The equilibrium condition is: \[ \begin{aligned} \left(\frac{d V}{d x}\right)_{x-0} & =0=-W_{2}+W_{1} \sqrt{2}-\frac{W_{1} x}{l} \\ W_{2} & =\sqrt{2} W_{1} \end{aligned} \]

The test for stability is:

\[ \left(\frac{d^{2} V}{d x^{2}}\right)_{x=0}=-\frac{W_{1}}{l}, \text { negative, hence unstable } \]

Solution. Consider a virtual displacement \(\delta \theta\) of the system consisting of the plank rolling on the cylinder (Fig. 4).
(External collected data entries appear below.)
(* Let $X_1,X_2,\dots$ be iid random variables satisfying condition $(\mathrm{P})$ with constant $a>0$, and $S_k=X_1+\dots+X_k$. Then for each $\epsilon>0$ there is $B>0$ such that for all $k\ge3$ and $u>0$, $$P(S_k>u+a)\le\epsilon P(S_k>u)+\frac{P(S_{k-1}>u)}{P(X_1>B)}.$$
   Context: A random variable $Y$ satisfies condition $(\mathrm{P})$ with constant $a>0$ if $P(Y>u)>0$ for all $u>0$ and $\lim_{u\to\infty}P(Y>u+a)/P(Y>u)=0$. *)

From HB Require Import structures.
From mathcomp Require Import all_boot all_order all_algebra.
From mathcomp Require Import all_classical all_reals all_analysis.
Set Implicit Arguments. Unset Strict Implicit. Unset Printing Implicit Defensive.
Import Order.TTheory GRing.Theory Num.Theory.
Import numFieldNormedType.Exports.
Local Open Scope classical_set_scope.
Local Open Scope ring_scope.

Definition tailP d (T : measurableType d) (R : realType) (P : probability T R)
  (Y : T -> R) (u : R) : R := fine (P [set w | u < Y w]).

Definition condition_P d (T : measurableType d) (R : realType)
  (P : probability T R) (Y : T -> R) (a : R) : Prop :=
  0 < a /\
  (forall u : R, 0 < u -> (0%E < P [set w | (u < Y w)%R])%E) /\
  ((fun u : R => tailP P Y (u + a) / tailP P Y u) @ +oo --> (0 : R)).

Definition mutually_independent d (T : measurableType d) (R : realType)
  (P : probability T R) (X : nat -> {RV P >-> R}) : Prop :=
  forall (J : seq nat) (B : nat -> set R),
    uniq J -> (forall i, measurable (B i)) ->
    P (\bigcap_(i in [set i | i \in J]) (X i @^-1` B i)) =
    (\prod_(i <- J) P (X i @^-1` B i))%E.

Definition identically_distributed d (T : measurableType d) (R : realType)
  (P : probability T R) (X : nat -> {RV P >-> R}) : Prop :=
  forall n, distribution P (X n) = distribution P (X 0%N).

Definition iid d (T : measurableType d) (R : realType)
  (P : probability T R) (X : nat -> {RV P >-> R}) : Prop :=
  mutually_independent X /\ identically_distributed X.

(* partial sums: S k = X_1 + ... + X_k, where X_1 is X 0 (0-indexed) *)
Definition partial_sum d (T : measurableType d) (R : realType)
  (P : probability T R) (X : nat -> {RV P >-> R}) (k : nat) : T -> R :=
  fun w => \sum_(i < k) X i w.

(* Write S_k = W + V with W = S_(k-2) and V = X_(k-1) + X_k, two independent
   variables.  With e = eps / 3, condition (P) passes from X_1 to V with constant 3e
   beyond some B = B0 + B1: if V > v + a, then either one summand is at most v - B0,
   and the ratio bound of the other summand beyond B0 gives a factor e, or both exceed
   v - B0, which has probability at most P(X_1 > v - B0) e P(X_1 > B0) <= e P(V > v)
   once v - B0 >= B1.  Then
     P(S_k > u + a) <= P(W <= u - B, S_k > u + a) + P(W > u - B),
   where the first term is at most eps P(S_k > u) (slice W into thin strips and use the
   ratio bound for V on each), and P(W > u - B) P(X_1 > B) <= P(S_(k-1) > u) by
   independence of W and X_(k-1). *)

From HB Require Import structures.
From mathcomp Require Import all_boot all_order all_algebra.
From mathcomp Require Import all_classical all_reals all_analysis.
From mathcomp Require Import lra ring.
Import Order.TTheory GRing.Theory Num.Theory.
Local Open Scope classical_set_scope.
Local Open Scope ring_scope.
Set Implicit Arguments. Unset Strict Implicit. Unset Printing Implicit Defensive.

Section independence.
Context d (T : measurableType d) (R : realType) (P : probability T R).
Local Open Scope ereal_scope.

Lemma probability_fineK (A : set T) : measurable A -> (fine (P A))%:E = P A.
Proof. by move=> mA; rewrite fineK// fin_num_measure. Qed.

Definition indep_with (F : set T) :=
  [set E | measurable E /\ P (E `&` F) = P E * P F].

Lemma lambda_system_indep_with F : measurable F -> lambda_system setT (indep_with F).
Proof.
move=> mF; have finP (A : set T) : measurable A -> P A < +oo.
  by move=> mA; exact: le_lt_trans (probability_le1 P mA) (ltry _).
split => //.
- by split => //; rewrite setTI probability_setT mul1e.
- move=> A B BA [mA PAF] [mB PBF]; split; first exact: measurableD.
  have mAF := measurableI _ _ mA mF; have mBF := measurableI _ _ mB mF.
  have BFA : B `&` F `<=` A `&` F by move=> x [Bx Fx]; split => //; exact: BA.
  have -> : (A `\` B) `&` F = (A `&` F) `\` (B `&` F).
    apply/seteqP; split => x /=; first by move=> [[? ?] ?]; split => // -[].
    by move=> [[Ax Fx] BFx]; split => //; split => // Bx; exact: BFx.
  rewrite !measureD // ?finP // (setIidr BFA) (setIidr BA).
  change (P (A `&` F) - P (B `&` F) = (P A - P B) * P F).
  rewrite PAF PBF -(probability_fineK mA) -(probability_fineK mB).
  by rewrite -(probability_fineK mF) -!EFinM -!EFinB mulrBl.
- move=> G ndG IG; have mG n : measurable (G n) by case: (IG n).
  have mUG : measurable (\bigcup_n G n) by exact: bigcup_measurable.
  split => //.
  have ndGF : nondecreasing_seq (fun n => G n `&` F).
    by move=> m n mn; apply/subsetPset; apply: setSI; apply/subsetPset/ndG.
  have := nondecreasing_cvg_mu (mu := P) (fun n => measurableI _ _ (mG n) mF)
    (bigcup_measurable (fun n _ => measurableI _ _ (mG n) mF)) ndGF.
  rewrite -setI_bigcupl (_ : P \o _ = fun n => P (G n) * P F); last first.
    by apply/funext => n /=; case: (IG n).
  move=> cvgGF; have cvgGP : (fun n => P (G n) * P F) @ \oo --> P (\bigcup_n G n) * P F.
    apply: cvgeM; [|exact: nondecreasing_cvg_mu|exact: cvg_cst].
    by apply: mule_def_fin; exact: fin_num_measure.
  exact: (cvg_unique _ cvgGF cvgGP).
Qed.

Variable X : nat -> {RV P >-> R}.

Definition cylinder (s : seq nat) : set (set T) :=
  [set E | exists B : nat -> set R, (forall i, measurable (B i)) /\
     E = \bigcap_(i in [set i | i \in s]) (X i @^-1` B i)].

Lemma cylinder_setI_closed s : setI_closed (cylinder s).
Proof.
move=> _ _ [B [mB ->]] [B' [mB' ->]].
exists (fun i => B i `&` B' i); split; first by move=> i; exact: measurableI.
apply/seteqP; split => x /=; first by move=> [H1 H2] i si; split; [exact: H1|exact: H2].
by move=> H; split => i si; have [] := H i si.
Qed.

Lemma cylinder_measurable s E : cylinder s E -> measurable E.
Proof.
move=> [B [mB ->]]; apply: bigcap_measurableType => i _.
exact: measurable_funPTI.
Qed.

Lemma sigma_cylinder_measurable s E : <<s cylinder s >> E -> measurable E.
Proof.
move=> sE; apply: (smallest_sub _ _ sE); last exact: cylinder_measurable.
split; [exact: measurable0 | by move=> A mA; rewrite setTD; exact: measurableC
  | by move=> F mF; exact: bigcup_measurable].
Qed.

Lemma cylinder_indep s1 s2 E F : mutually_independent X -> uniq (s1 ++ s2) ->
  cylinder s1 E -> cylinder s2 F -> P (E `&` F) = P E * P F.
Proof.
move=> indX u12 [B [mB ->]] [B' [mB' ->]].
move: (u12); rewrite cat_uniq => /and3P[u1 /hasPn s21 u2].
have s2N1 i : i \in s2 -> i \notin s1 by move=> /s21.
pose C i := if i \in s1 then B i else B' i.
have mC i : measurable (C i) by rewrite /C; case: ifP.
have CE (A : nat -> set R) (s : seq nat) : (forall i, i \in s -> C i = A i) ->
    \bigcap_(i in [set i | i \in s]) (X i @^-1` C i) =
    \bigcap_(i in [set i | i \in s]) (X i @^-1` A i).
  by move=> CA; apply: eq_bigcapr => i /CA ->.
have C1 i : i \in s1 -> C i = B i by rewrite /C => ->.
have C2 i : i \in s2 -> C i = B' i by move=> /s2N1 /negbTE; rewrite /C => ->.
rewrite -(CE B s1 C1) -(CE B' s2 C2) !indX //.
rewrite (_ : _ `&` _ = \bigcap_(i in [set i | i \in s1 ++ s2]) (X i @^-1` C i)).
  by rewrite indX // big_cat.
apply/seteqP; split => x /=.
  by move=> [H1 H2] i /= /[!mem_cat] /orP[/H1|/H2].
by move=> H; split => i si; apply: H; rewrite /= mem_cat si ?orbT.
Qed.

Lemma sigma_cylinder_indep s1 s2 E F : mutually_independent X -> uniq (s1 ++ s2) ->
  <<s cylinder s1 >> E -> <<s cylinder s2 >> F -> P (E `&` F) = P E * P F.
Proof.
(* Dynkin's pi-lambda theorem, once in each argument. *)
move=> indX u12 sE sF.
have pi_lambda (s : seq nat) (G : set T) : measurable G -> cylinder s `<=` indep_with G ->
    <<s cylinder s >> `<=` indep_with G.
  move=> mG sub; apply: (lambda_system_subset (@cylinder_setI_closed s)
    (lambda_system_indep_with mG) sub).
  by move=> A _; exact: subsetT.
have indep_cylinder2 G : cylinder s2 G -> <<s cylinder s1 >> `<=` indep_with G.
  move=> cG; apply: pi_lambda (cylinder_measurable cG) _ => E' cE'.
  by split; [exact: cylinder_measurable cE'|exact: cylinder_indep cE' cG].
have : <<s cylinder s2 >> `<=` indep_with E.
  apply: pi_lambda (sigma_cylinder_measurable sE) _ => G cG.
  split; first exact: cylinder_measurable cG.
  have [_ PEG] := indep_cylinder2 G cG E sE.
  by rewrite setIC muleC; exact: PEG.
move=> /(_ F sF) [_ PFE].
by rewrite setIC muleC; exact: PFE.
Qed.

Lemma measurable_cylinder_coord s i : i \in s ->
  measurable_fun (setT : set (g_sigma_algebraType (cylinder s))) (X i : T -> R).
Proof.
move=> si _ Y mY; apply: sub_sigma_algebra.
exists (fun j => if j == i then Y else setT); split; first by move=> j; case: ifP.
apply/seteqP; split => x /=; first by move=> [_ Yx] j _; case: eqP => [->|].
by move=> H; split => //; have := H i si; rewrite eqxx.
Qed.

Lemma measurable_cylinder_sum s t : {subset t <= s} ->
  measurable_fun (setT : set (g_sigma_algebraType (cylinder s)))
    (fun w => \sum_(i <- t) X i w)%R.
Proof.
elim: t => [_|i t IHt ts].
  by under eq_fun do rewrite big_nil; exact: measurable_cst.
under eq_fun do rewrite big_cons.
apply: measurable_realfun.measurable_funD.
  by apply: measurable_cylinder_coord; apply: ts; rewrite inE eqxx.
by apply: IHt => j jt; apply: ts; rewrite inE jt orbT.
Qed.

End independence.

Definition indep_rv d (T : measurableType d) (R : realType) (P : probability T R)
    (Y Z : T -> R) :=
  forall A C, measurable A -> measurable C ->
    P (Y @^-1` A `&` Z @^-1` C) = (P (Y @^-1` A) * P (Z @^-1` C))%E.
Originally, the points \(A\) and \(B\) coincide; after the virtual displacement the points \(A\) and \(B\) assume the positions shown in the diagrams. We wish to compute the total vertical movement of the center of gravity of the plank during the displacement \(\delta \theta\). If this vertical movement is upward, the equilibrium position is stable. If this vertical movement is downward, the equilibrium is unstable. To solve for the limiting condition, we find the relationship between \(h\) and \(R\) for which there will be no vertical movement of the c.g. In diagram (b) it will be seen that the total vertical motion can be considered as composed of two parts, one a downward component, due to the rotation of the plank, marked \(x\) in the diagram; and the other an upward component due to rolling of the plank, marked \(y\) in the diagram. The limiting condition for stable equilibrium will be determined by equating these two components.
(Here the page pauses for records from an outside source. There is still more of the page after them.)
Lemma weyl_group_roots w a :
  (forall b c, P b -> P c -> P (refl_mx S b *m c)) -> W w -> P a -> P (w *m a).
Proof.
move=> P_refl Ww; move: w Ww a.
apply: (@weyl_group_ind (fun w => forall a, P a -> P (w *m a))).
  by move=> a; rewrite mul1mx.
move=> v b IH Pb a Pa.
by rewrite -mulmxA; apply/IH/P_refl.
Qed.

Lemma coroot_mulmx a :
  S^T = S -> dual_pairing S a a != 0 -> coroot S a *m a = 2%:M.
Proof.
move=> S_sym aa0; rewrite /coroot -scalemxAl trmx_mul trmx_inv S_sym.
by rewrite [a^T *m _ *m _]mx11_scalar scale_scalar_mx divfK.
Qed.

Lemma refl_mx_invol a :
  S^T = S -> dual_pairing S a a != 0 -> refl_mx S a *m refl_mx S a = 1%:M.
Proof.
move=> S_sym /(coroot_mulmx S_sym); rewrite /refl_mx.
move: (coroot S a) => c ca.
rewrite mulmxBl mulmxBr !mul1mx mulmxBr mulmx1 -mulmxA (mulmxA c) ca.
by rewrite mul_scalar_mx -scalemxAr scaler_nat mulr2n opprB addrK subrK.
Qed.

Lemma weyl_group_inv w :
    S^T = S -> (forall a, P a -> dual_pairing S a a != 0) ->
  W w -> exists2 w', W w' & w *m w' = 1%:M /\ w' *m w = 1%:M.
Proof.
move=> S_sym P_nondeg; move: w.
apply: weyl_group_ind => [|v a [v' Wv' [vv' v'v]] Pa].
  by exists 1%:M; rewrite ?mulmx1 //; exact: weyl_group1.
have ss := refl_mx_invol S_sym (P_nondeg a Pa).
exists (refl_mx S a *m v'); first exact: weyl_groupM (weyl_group_refl Pa) Wv'.
split; first by rewrite -mulmxA (mulmxA (refl_mx S a)) ss mul1mx.
by rewrite -mulmxA (mulmxA v') v'v mul1mx.
Qed.

End WeylGroup.

Section Chambers.
Variables (R : realType) (I : finType) (n : I -> nat).
Variables (S : forall i, 'M[CC R]_(n i)).
Variables (PhiI : forall i, set ('cV[CC R]_(n i))).
Arguments PhiI : clear implicits.
Hypothesis S_sym : forall i, (S i)^T = S i.
Hypothesis PhiI_root : forall i, is_root_system (S i) (PhiI i).
Variable Phi : set (groot R I n).
Hypothesis Phi_sub : Phi `<=` Phi_g R I n PhiI.

Local Notation W i := (weyl_group (S i) (PhiI i)).
Local Notation orbit_i := (orbit_i R I n S PhiI).
Local Notation orbit_g := (orbit_g R I n S PhiI).
Local Notation B := (Bset R I n PhiI Phi).
Local Notation B_i := (Bset_i R I n PhiI Phi).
From the figure, we have directly: \[ x=\frac{h}{2}[1-\cos (\delta \theta)]=\frac{h}{2}\left[1-1+\frac{1}{2}(\delta \theta)^{2}-\frac{1}{24}(\delta \theta)^{4}+\cdots\right]. \] By retaining second-order terms, but neglecting higher orders, we have: \[ x=\frac{h}{4}(\delta \theta)^{2}. \]

To find \(y\), note that in Fig. 5 the length \(y\) is less than \(A C\), but greater than the vertical component of \(A D\). We can show, however, that the difference between \(A C\) and \(A D \cos (\delta \theta\) ) involves only terms higher than second order, so that if we retain terms only through the second order we can say that \(y=A C\).
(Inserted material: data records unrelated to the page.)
(* Let $n\ge1$. (1) The number of plane trees with $n$ edges having exactly one old leaf is $2^{n-1}$. (2) The number of plane trees with $n$ edges having no young leaves is the Motzkin number $M_{n-1}$.
   Context: A plane tree is a rooted tree in which the children of each vertex are linearly ordered (left to right). A leaf is a vertex with no children; by convention the tree consisting of a single vertex (no edges) has no leaves. A leaf is an old leaf if it is the leftmost child of its parent, and a young leaf otherwise. The Motzkin number $M_m$ is the number of lattice paths from $(0,0)$ to $(m,0)$ with steps $(1,1),(1,-1),(1,0)$ never going below the $x$-axis; equivalently $M_m=\sum_{r}\binom{m}{2r}\frac{1}{r+1}\binom{2r}{r}$. *)

From mathcomp Require Import all_boot.
From Stdlib Require List.
Set Implicit Arguments. Unset Strict Implicit. Unset Printing Implicit Defensive.

Inductive ptree : Type := Node of seq ptree.

Definition children (t : ptree) : seq ptree := let: Node ts := t in ts.

(* number of edges = number of non-root vertices *)
Fixpoint edges (t : ptree) : nat :=
  let: Node ts := t in sumn (map (fun c => (edges c).+1) ts).

Definition is_leaf_child (c : ptree) : bool := nilp (children c).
\[ \begin{aligned} \frac{R}{R+(A C)} & =\cos (\delta \theta) \\ (A C) & =R[\sec (\delta \theta)-1]=R\left[1+\frac{1}{2}(\delta \theta)^{2}+\frac{5}{24}(\delta \theta)^{4}+\cdots-1\right] \\ & =R\left[\frac{1}{2}(\delta \theta)^{2}+\text { higher order terms }\right] \\ A D \cos (\delta \theta) & =R[1-\cos (\delta \theta)] \cos (\delta \theta) \\ & =R\left[1-1+\frac{1}{2}(\delta \theta)^{2}-\frac{1}{24}(\delta \theta)^{4}+\cdots\right] \\ & =R\left[\frac{1}{2}(\delta \theta)^{2}+\text { higher order terms }\right]. \end{aligned} \] Therefore, to the second-order approximation: \[ y=A C=\frac{R}{2}(\delta \theta)^{2} \] For the limiting case of stable equilibrium, \[ \begin{aligned} x & =y \\ \frac{h}{4}(\delta \theta)^{2} & =\frac{R}{2}(\delta \theta)^{2} \\ R & =\frac{h}{2} \end{aligned} \]

For example, a \(2\ \mathrm{in}\) thick plank would require a cylinder of \(1\ \mathrm{in}\) radius. Any smaller cylinder would represent a case of unstable equilibrium.